* [Task instructions] Word for word, retype the first line of the records and every following line through the one containing "case: ifP => vl; last by rewrite mul0r.".

* [Record extracts]

Lemma gram_edge v w : (v, w) \in D -> gram D v w = - lam v w.
Proof.
move=> vw; rewrite gram_expand (negbTE (edge_neq vw)) (lamD_out (edge_asym vw)).
rewrite (lamD_in vw) big1 ?addr0 ?subr0 ?sub0r // => l _; rewrite /lamD.
case: ifP => vl; last by rewrite mul0r.
by case: ifP => wl; [case: (ttf_contra Dttf vl wl vw) | rewrite mulr0].
Qed.

Lemma gram_node_relation v :
  gram D v v + \sum_(w | (v, w) \in D) 2%:R * lam v w * gram D v w = 1 - sqsum D v.
Proof.
rewrite gram_diag (eq_bigr (fun w => - (2%:R * lam v w ^+ 2))) => [|w vw].
  by rewrite sumrN -mulr_sumr /sqsum; ring.
by rewrite gram_edge //; ring.
Qed.

Lemma jcol_node_relation v (e : {e : _ | e \in D}) :
  jcol (Some e) v v + \sum_(w | (v, w) \in D) 2%:R * lam v w * jcol (Some e) v w = 0.
Proof.
case: e => [[a b] ab] /=; have [->|va] := eqVneq v a.
  have ab_neq := edge_neq ab.
  rewrite (imL_off ab_neq) (lamD_in ab) (bigD1 b) //= imL_diag eq_sym (negbTE ab_neq).
  rewrite big1 => [|w /andP[aw wb]]; first by rewrite /=; ring.
  rewrite eq_sym (negbTE (edge_neq aw)) (imL_off wb) lamD_out ?oppr0; first by rewrite /=; ring.
  by apply/negP => wbD; apply: ttf_contra Dttf ab wbD aw.
rewrite big1 => [|w vw]; first by rewrite /=; ring.
have [wa|wa] := eqVneq w a; last by rewrite /=; ring.
subst w; have vb : v != b by apply: contraTneq ab => vb; rewrite -vb edge_asym.
rewrite (imL_off vb) lamD_out ?oppr0; first by rewrite /=; ring.
by apply/negP => vbD; apply: ttf_contra Dttf vbD ab vw.
Qed.

Lemma jac_node_relation v (t : param D) :
  jac R t (kcol_of v v) + \sum_(w | (v, w) \in D) 2%:R * lam v w * jac R t (kcol_of v w)
  = (1 - sqsum D v) * srow t.
Proof.
rewrite jac_kcol_of; under eq_bigr do rewrite jac_kcol_of.
by case: t => [e|] /=; rewrite ?jcol_node_relation ?mulr0 // gram_node_relation mulr1.
Qed.

Lemma srow_in_span_node m x : m != x -> (m, x) \notin D ->
  in_span jcols (cols_avoiding x) (fun t => (1 - sqsum D m) * srow t).
Proof.
move=> mx mxD; apply: (in_span_ext (v := fun t => _ + _) (jac_node_relation m)).
apply: in_spanD; first by apply: in_span_mem; rewrite kcol_of_cols_avoiding mx.
apply: in_span_sum => w mw; apply: in_spanZ; apply: in_span_mem.
by rewrite kcol_of_cols_avoiding mx; apply: contraNneq mxD => <-.
Qed.

Lemma srow_in_span_cols_avoiding k x u : (k, x) \in D -> u != k -> u != x ->
  exists2 c0 : P, c0 != 0 & in_span jcols (cols_avoiding x) (fun t => c0 * srow t).
Proof.
move=> kx uk ux.
have [m /andP[mx mxD]|all_to_x] := pickP (fun m => (m != x) && ((m, x) \notin D)).
  by exists (1 - sqsum D m); [apply: one_sub_sqsum_neq0 | apply: srow_in_span_node].
have to_x m : m != x -> (m, x) \in D by move=> mx; move: (all_to_x m); rewrite mx => /negbFE.
(* Every node points to x, so by transitive triangle-freeness no other edge exists. *)
have Dstar p q : (p, q) \in D -> q = x.
  move=> pq; apply/eqP/negP => /negP qx; have [px|px] := eqVneq p x.
    by move: pq; rewrite px => /edge_asym; rewrite to_x.
  exact: ttf_contra Dttf (to_x p px) (to_x q qx) pq.
exists (lam k x ^+ 2 + lam u x ^+ 2); first exact: lam_sqr_add_neq0.
exact (srow_in_span_star Dstar kx (to_x u ux) uk).
Qed.

Lemma edge_in_span_cols_avoiding k x u : (k, x) \in D -> u != k -> u != x ->
  in_span (fcols D) (cols_avoiding x) (fun t => (jac R t (kcol_of k x))%:F).
Proof.
move=> kx uk ux; have kx_neq := edge_neq kx.
have [c0 c0_neq0 srow_span] := srow_in_span_cols_avoiding kx uk ux.
apply: (in_span_tofrac (p := c0 * (2%:R * lam k x))).
  by rewrite !mulf_neq0 ?two_neq0 ?lam_neq0.
pose rest (t : param D) :=
  \sum_(w | ((k, w) \in D) && (w != x)) 2%:R * lam k w * jac R t (kcol_of k w).
apply: (in_span_ext (v := fun t =>
  (1 - sqsum D k) * (c0 * srow t) - c0 * jac R t (kcol_of k k) - c0 * rest t)).
  move=> t; have := jac_node_relation k t; rewrite (bigD1 x kx) /= => node.
  by rewrite mulrCA -node /rest; ring.
apply: in_spanD; [apply: in_spanD|]; [exact: in_spanZ | |]; apply: in_spanN; apply: in_spanZ.
  by apply: in_span_mem; rewrite kcol_of_cols_avoiding kx_neq.
apply: in_span_sum => w /andP[_ wx]; apply: in_spanZ; apply: in_span_mem.
by rewrite kcol_of_cols_avoiding kx_neq.
Qed.

End TransitiveTriangleFree.

Lemma jac_tail_cols_avoiding x w (xw : (x, w) \in D) c :
  c \in cols_avoiding x -> jac R (lam_param xw) c = 0.
Proof. by rewrite inE jacE /= => /andP[/negbTE-> /negbTE->] /=; ring. Qed.

Lemma jac_tail_kcol_neq0 x w k (xw : (x, w) \in D) : k != x ->
  (w == k) || ((k, w) \in D) -> jac R (lam_param xw) (kcol_of k x) != 0.
Proof.
move=> kx wk; rewrite jac_kcol_of /= (negbTE kx) eqxx.
case/orP: wk => [/eqP->|kw].
  by rewrite imL_diag /= mul0r add0r mul1r mulr1 oppr_eq0 svar_neq0.
rewrite (imL_off (edge_neq kw)) (lamD_in kw) /= mul0r add0r mul1r mulrNN.
by rewrite mulf_neq0 ?svar_neq0 ?lam_neq0.
Qed.

Lemma jac_edge_kcol_neq0 k x (kx : (k, x) \in D) : jac R (lam_param kx) (kcol_of k x) != 0.
Proof.
rewrite jac_kcol_of /= eqxx (eq_sym x k) (negbTE (edge_neq kx)) imL_diag /=.
by rewrite mul0r addr0 mul1r mulr1 oppr_eq0 svar_neq0.
Qed.

Lemma jac_kcol_eq0 k x : k != x -> (k, x) \notin D -> (x, k) \notin D ->
  (forall w, (k, w) \in D -> (x, w) \notin D) ->
  forall t : param D, jac R t (kcol_of k x) = 0.
Proof.
move=> kx kxD xkD nocommon [[[a b] ab]|]; rewrite jac_kcol_of /=; last first.
  rewrite gram_expand (negbTE kx) (lamD_out xkD) (lamD_out kxD) big1 ?subr0 ?addr0 //.
  move=> l _; rewrite /lamD; case: ifP => kl; last by rewrite mul0r.
  by rewrite (negbTE (nocommon l kl)) mulr0.
have [ka|_] := eqVneq k a.
  subst a; have xb : x != b by apply: contraNneq kxD => ->.
  by rewrite (eq_sym x k) (negbTE kx) (imL_eq0 xb (nocommon _ ab)) /=; ring.
have [xa|_] := eqVneq x a; last by rewrite /=; ring.
subst a; have kb : k != b by apply: contraNneq xkD => ->.
have kbD : (k, b) \notin D by apply: contraTN ab => /nocommon.
by rewrite (imL_eq0 kb kbD) /=; ring.
Qed.

End Graph.

Lemma third_node (D : graph) k x : (k, x) \in D -> ~ complete_digraph D ->
  exists2 u, u != k & u != x.
Proof.
move=> kx ncD; have [u /andP[uk ux]|none] := pickP (fun u => (u != k) && (u != x)).
  by exists u.
have k_or_x u : (u == k) || (u == x) by move: (none u); rewrite -negb_or => /negbFE.
case: ncD => i j; rewrite /adjacent.
by case/orP: (k_or_x i) => /eqP->; case/orP: (k_or_x j) => /eqP->; rewrite ?eqxx ?kx ?orbT.
Qed.
(* There exists an absolute constant $c>0$ such that the following holds. Let $(\mathsf{CAL}_T)_{T\ge1}$ be calibration measures and $\varepsilon:\mathbb Z_{>0}\to[0,\infty)$ a function such that for every positive integer $T$: (1) (Actionability) for every decision task $Z=(A,U)$ with $U:A\times\{0,1\}\to[0,1]$ and every $\alpha\ge0$ there exists a randomized response function $r_{Z,\alpha}:[0,1]\to\Delta(A)$ (not depending on the distribution) such that every distribution $\mathcal D$ on $[0,1]\times\{0,1\}$ with $\mathsf{CAL}_T(\mathcal D)\le\alpha$ satisfies $\mathsf{SR}_Z(r_{Z,\alpha},\mathcal D)\le\alpha$; and (2) (Testability) for every calibrated distribution $\mathcal D$ on $[0,1]\times\{0,1\}$, if $S_T$ is the uniform distribution over $T$ i.i.d. samples from $\mathcal D$, then $\mathbb E[\mathsf{CAL}_T(S_T)]\le\varepsilon(T)$. Then $\varepsilon(T)\ge c\,T^{-1/2}$ for every positive integer $T$.
   Context: A calibration measure $\mathsf{CAL}_T$ assigns a nonnegative real number to each distribution of pairs $(p,y)\in[0,1]\times\{0,1\}$ (in particular to uniform distributions over finite samples). A distribution of $(p,y)$ is calibrated if $\mathbb E[y\mid p]=p$. A decision task $Z=(A,U)$ consists of an action set $A$ and a utility function $U:A\times\{0,1\}\to[0,1]$. For a randomized response function $r:[0,1]\to\Delta(A)$ and a distribution $\mathcal D$ on $[0,1]\times\{0,1\}$, the swap regret is $\mathsf{SR}_Z(r,\mathcal D)=\sup_{\sigma:A\to A}\mathbb E_{(p,y)\sim\mathcal D,\,a\sim r(p)}[U(\sigma(a),y)-U(a,y)]$. *)

(* Distributions on [0,1] x {0,1} are represented by their
   probability mass functions m : R -> bool -> R with finite support. *)
From HB Require Import structures.
From mathcomp Require Import all_boot all_order all_algebra.
From mathcomp Require Import reals.
Set Implicit Arguments. Unset Strict Implicit. Unset Printing Implicit Defensive.
Import Order.TTheory GRing.Theory Num.Theory.
Local Open Scope ring_scope.

Section Defs.
Variable R : realType.

Definition is_dist_on (m : R -> bool -> R) (s : seq R) : Prop :=
  [/\ uniq s,
      (forall p y, 0 <= m p y),
      (forall p y, m p y != 0 -> p \in s),
      (forall p, p \in s -> 0 <= p <= 1) &
      \sum_(p <- s) (m p false + m p true) = 1].

Definition is_dist (m : R -> bool -> R) : Prop := exists s, is_dist_on m s.

(* calibrated: E[y | p] = p, i.e. P(p, y=1) = p * P(p) for every p *)
Definition calibrated (m : R -> bool -> R) : Prop :=
  forall p, m p true = p * (m p false + m p true).

Definition expect (m : R -> bool -> R) (s : seq R) (g : R -> bool -> R) : R :=
  \sum_(p <- s) \sum_(y : bool) m p y * g p y.

Definition is_response (A : finType) (r : R -> A -> R) : Prop :=
  forall p, 0 <= p <= 1 -> (forall a, 0 <= r p a) /\ \sum_(a : A) r p a = 1.

Definition is_utility (A : finType) (U : A -> bool -> R) : Prop :=
  forall a y, 0 <= U a y <= 1.

Definition swap_gain (A : finType) (U : A -> bool -> R) (r : R -> A -> R)
    (m : R -> bool -> R) (s : seq R) (sigma : A -> A) : R :=
  expect m s (fun p y => \sum_(a : A) r p a * (U (sigma a) y - U a y)).

(* swap regret: supremum over all sigma : A -> A (a finite max; sigma = id gives 0) *)
Definition swap_regret (A : finType) (U : A -> bool -> R) (r : R -> A -> R)
    (m : R -> bool -> R) (s : seq R) : R :=
  \big[Num.max/0]_(sigma : {ffun A -> A}) swap_gain U r m s sigma.

Definition empirical (T : nat) (x : 'I_T -> R * bool) : R -> bool -> R :=
  fun p y => (#|[set i | x i == (p, y)]|)%:R / T%:R.

(* E[ CAL_T(S_T) ] where S_T is the empirical distribution of T i.i.d.
   samples from m (sample points are drawn from the support list s). *)
Definition expected_cal (CAL : (R -> bool -> R) -> R) (T : nat)
    (m : R -> bool -> R) (s : seq R) : R :=
  \sum_(f : {ffun 'I_T -> 'I_(size s) * bool})
     (\prod_(i < T) m (nth 0 s (f i).1) (f i).2) *
     CAL (empirical (fun i => (nth 0 s (f i).1, (f i).2))).

End Defs.

(* Use the task of guessing the label, U(a, y) = [a = y], at level
   alpha = (w + 1) / 4T with w = floor(sqrt T / 8).  At the forecast 1/2 the
   response puts mass >= 1/2 on some action a.  On a sample forecast at 1/2 in
   which the label a is outnumbered by more than w, swapping every action to
   ~~ a gains more than alpha, so actionability forces CAL_T > alpha there.
   Under the calibrated fair coin the count of a-labels is Binomial(T, 1/2);
   as every binomial coefficient is at most 2^T / sqrt(T + 1), the window of
   width w around T/2 has mass at most 9/10, so by symmetry the lower tail has
   mass at least 1/20, and eps(T) >= E[CAL_T(S_T)] >= alpha / 20. *)

From HB Require Import structures.
From mathcomp Require Import all_boot all_order all_algebra.
From mathcomp Require Import reals.
From mathcomp Require Import zify ring lra.
Import Order.TTheory GRing.Theory Num.Theory.

Set Implicit Arguments.
Unset Strict Implicit.
Unset Printing Implicit Defensive.

Lemma leq_bin_half T j : 'C(T, j) <= 'C(T, T./2).
Proof.
have T_half : T./2.*2 <= T by rewrite -[leqRHS]odd_double_half leq_addl.
have bin_nondecr : {in [pred i | i <= T./2] &, {homo binomial T : i k / i <= k}}.
  apply: homo_leq_in => //.
  - by move=> k i l; apply: leq_trans.
  - by move=> i l _ lD k /andP[_ /ltnW /leq_trans]; apply.
  move=> i _ iT; have {}iT : i.+1 <= T./2 := iT.
  by rewrite -(leq_pmul2l (ltn0Sn i)) mul_bin_left leq_mul2r; apply/orP; right; lia.
have [jT|Tj] := leqP j T./2; first exact: (bin_nondecr j _ jT (leqnn _) jT).
have [jT'|Tj'] := leqP j T; last by rewrite bin_small.
by rewrite -bin_sub //; apply: bin_nondecr; rewrite ?inE; lia.
Qed.

Lemma bin_odd_center n : 'C(n.*2.+1, n.+1) = 'C(n.*2.+1, n).
Proof. by rewrite -bin_sub; [congr 'C(_, _)|]; lia. Qed.

Lemma mul_bin_center n : n.+1 * 'C(n.*2.+1, n) = n.*2.+1 * 'C(n.*2, n).
Proof. by rewrite -bin_odd_center -mul_bin_diag. Qed.

Lemma bin_even_center_bound n : 'C(n.*2, n) ^ 2 * n.*2.+1 <= 16 ^ n.
Proof.
elim: n => [|n IHn]; first by rewrite bin0.
have step : n.+1 ^ 2 * 'C(n.+1.*2, n.+1) ^ 2 = 4 * n.*2.+1 ^ 2 * 'C(n.*2, n) ^ 2.
  by rewrite doubleS binS bin_odd_center addnn -mul2n -expnMn mulnCA mul_bin_center; ring.
rewrite -(leq_pmul2l (expn_gt0 n.+1 2)) mulnA step.
have -> : 4 * n.*2.+1 ^ 2 * 'C(n.*2, n) ^ 2 * n.+1.*2.+1 =
  4 * (n.*2.+1 * n.+1.*2.+1) * ('C(n.*2, n) ^ 2 * n.*2.+1) by ring.
apply: leq_trans (leq_mul (leqnn _) IHn) _.
(* (2n + 1)(2n + 3) <= (2n + 2)^2 *)
by rewrite (expnS 16) [_ * (16 * _)]mulnA leq_mul2r; apply/orP; right; nia.
Qed.

Lemma bin_center_bound T : 'C(T, T./2) ^ 2 * T.+1 <= 4 ^ T.
Proof.
have exp4_double n : 4 ^ n.*2 = 16 ^ n by rewrite -mul2n expnM.
move: (odd_double_half T); set n := T./2; case: (odd T) => <-; last first.
  by rewrite add0n exp4_double bin_even_center_bound.
have := bin_even_center_bound n.+1.
rewrite add1n (expnS 4) exp4_double doubleS binS bin_odd_center addnn -mul2n.
rewrite expnMn (expnS 16).
rewrite -mulnA -[16]/(4 * 4) -mulnA leq_pmul2l // => /(leq_trans _); apply.
by rewrite leq_mul2l ltnW ?orbT.
Qed.

Definition bin_lower_tail T w := \sum_(j < T.+1 | j.*2 + w < T) 'C(T, j).

Lemma bin_upper_tail T w :
  \sum_(j < T.+1 | T + w < j.*2) 'C(T, j) = bin_lower_tail T w.
Proof.
rewrite /bin_lower_tail (reindex_inj rev_ord_inj) /=.
apply: eq_big => [j|j _]; rewrite subSS; have := ltn_ord j.
  by move=> jT; apply/idP/idP; lia.
by move=> jT; rewrite bin_sub // -ltnS.
Qed.

Lemma bin_window_bound T w :
  \sum_(j < T.+1 | (T <= j.*2 + w) && (j.*2 <= T + w)) 'C(T, j) <= w.+1 * 'C(T, T./2).
Proof.
apply: (@leq_trans (\sum_(j < T.+1 | (T <= j.*2 + w) && (j.*2 <= T + w)) 'C(T, T./2))).
  by apply: leq_sum => j _; apply: leq_bin_half.
rewrite sum_nat_const leq_mul2r; apply/orP; right.
pose shift (j : 'I_T.+1) : 'I_w.+1 := inord (j - (T - w) %/ 2).
rewrite -[w.+1]card_ord; apply: (@leq_card_in _ _ shift) => j k.
rewrite /= => /andP[jl jr] /andP[kl kr] /(congr1 val).
rewrite /= !inordK; [move=> e; apply: val_inj => /=; lia | lia | lia].
Qed.

Lemma bin_tails_bound T w : 2 ^ T <= (bin_lower_tail T w).*2 + w.+1 * 'C(T, T./2).
Proof.
have -> : 2 ^ T = \sum_(j < T.+1) 'C(T, j).
  by rewrite -[2]/(1 + 1) expnDn; apply: eq_bigr => j _; rewrite !exp1n !muln1.
rewrite -addnn -{2}(bin_upper_tail T w) -addnA.
apply: leq_trans (leq_add (leqnn _) (leq_add (leqnn _) (bin_window_bound T w))).
rewrite /bin_lower_tail (big_mkcond (fun j : 'I_T.+1 => j.*2 + w < T)).
rewrite (big_mkcond (fun j : 'I_T.+1 => T + w < j.*2)).
rewrite (big_mkcond (fun j : 'I_T.+1 => (T <= j.*2 + w) && (j.*2 <= T + w))).
rewrite -!big_split /=.
apply: leq_sum => j _.
by case: ifP; case: ifP; case: ifP; lia.
Qed.

Local Open Scope ring_scope.

Section SetSums.
Variables (V : nmodType) (I : finType).

Lemma sum_set_card (F : nat -> V) :
  \sum_(A : {set I}) F #|A| = \sum_(j < #|I|.+1) F j *+ 'C(#|I|, j).
Proof.
rewrite (partition_big (fun A : {set I} => inord #|A| : 'I_#|I|.+1) xpredT) //=.
apply: eq_bigr => j _; rewrite -card_draws -sumr_const.
apply: eq_big => [A|A /eqP <-]; last by rewrite inordK // ltnS max_card.
by rewrite inE -val_eqE /= inordK // ltnS max_card.
Qed.

Lemma sum_ffun_label_set (b : bool) (F : {set I} -> V) :
  \sum_(f : {ffun I -> 'I_1 * bool}) F [set i | (f i).2 == b] = \sum_(A : {set I}) F A.
Proof.
have eqbK (c : bool) : (c == b) == b = c by case: b; case: c.
pose label (A : {set I}) := [ffun i => (ord0 : 'I_1, (i \in A) == b)].
pose labelled (f : {ffun I -> 'I_1 * bool}) := [set i | (f i).2 == b].
have labelK : cancel label labelled.
  by move=> A; apply/setP => i; rewrite !inE ffunE eqbK.
have labelledK : cancel labelled label.
  move=> f; apply/ffunP => i; rewrite !ffunE inE.
  by case: (f i) => k c /=; rewrite (ord1 k) eqbK.
rewrite (reindex label); last exact: onW_bij (Bijective labelK labelledK).
by apply: eq_bigr => A _; rewrite -/(labelled (label A)) labelK.
Qed.

Lemma sumr_if_muln (P : pred I) (c : V) (n : I -> nat) :
  \sum_i (if P i then c else 0) *+ n i = c *+ \sum_(i | P i) n i.
Proof.
by rewrite -sumrMnr [RHS]big_mkcond; apply: eq_bigr => i _; case: ifP; rewrite ?mul0rn.
Qed.

End SetSums.

Section MatchingPennies.
Variable R : realType.

Definition match_utility : bool -> bool -> R := fun a y => (a == y)%:R.

Definition fair_coin : R -> bool -> R := fun p _ => if p == 2^-1 then 2^-1 else 0.

Definition nlabel T (x : 'I_T -> R * bool) (y : bool) : nat := #|[set i | (x i).2 == y]|.

Lemma match_utility_is_utility : is_utility match_utility.
Proof. by move=> a y; rewrite /match_utility; case: (a == y); rewrite ?lexx ?ler01. Qed.

Lemma fair_coin_dist : is_dist_on fair_coin [:: 2^-1].
Proof.
rewrite /fair_coin; split => //.
- by move=> p y; case: ifP; lra.
- by move=> p y; case: (p =P 2^-1) => [->|]; rewrite ?mem_seq1 ?eqxx.
- by move=> p; rewrite mem_seq1 => /eqP ->; lra.
by rewrite big_seq1 eqxx; lra.
Qed.

Lemma fair_coin_calibrated : calibrated fair_coin.
Proof. by move=> p; rewrite /fair_coin; case: (p =P 2^-1) => [->|]; lra. Qed.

* [Solved problem]
Lemma gram_edge v w : (v, w) \in D -> gram D v w = - lam v w.
Proof.
move=> vw; rewrite gram_expand (negbTE (edge_neq vw)) (lamD_out (edge_asym vw)).
rewrite (lamD_in vw) big1 ?addr0 ?subr0 ?sub0r // => l _; rewrite /lamD.
case: ifP => vl; last by rewrite mul0r.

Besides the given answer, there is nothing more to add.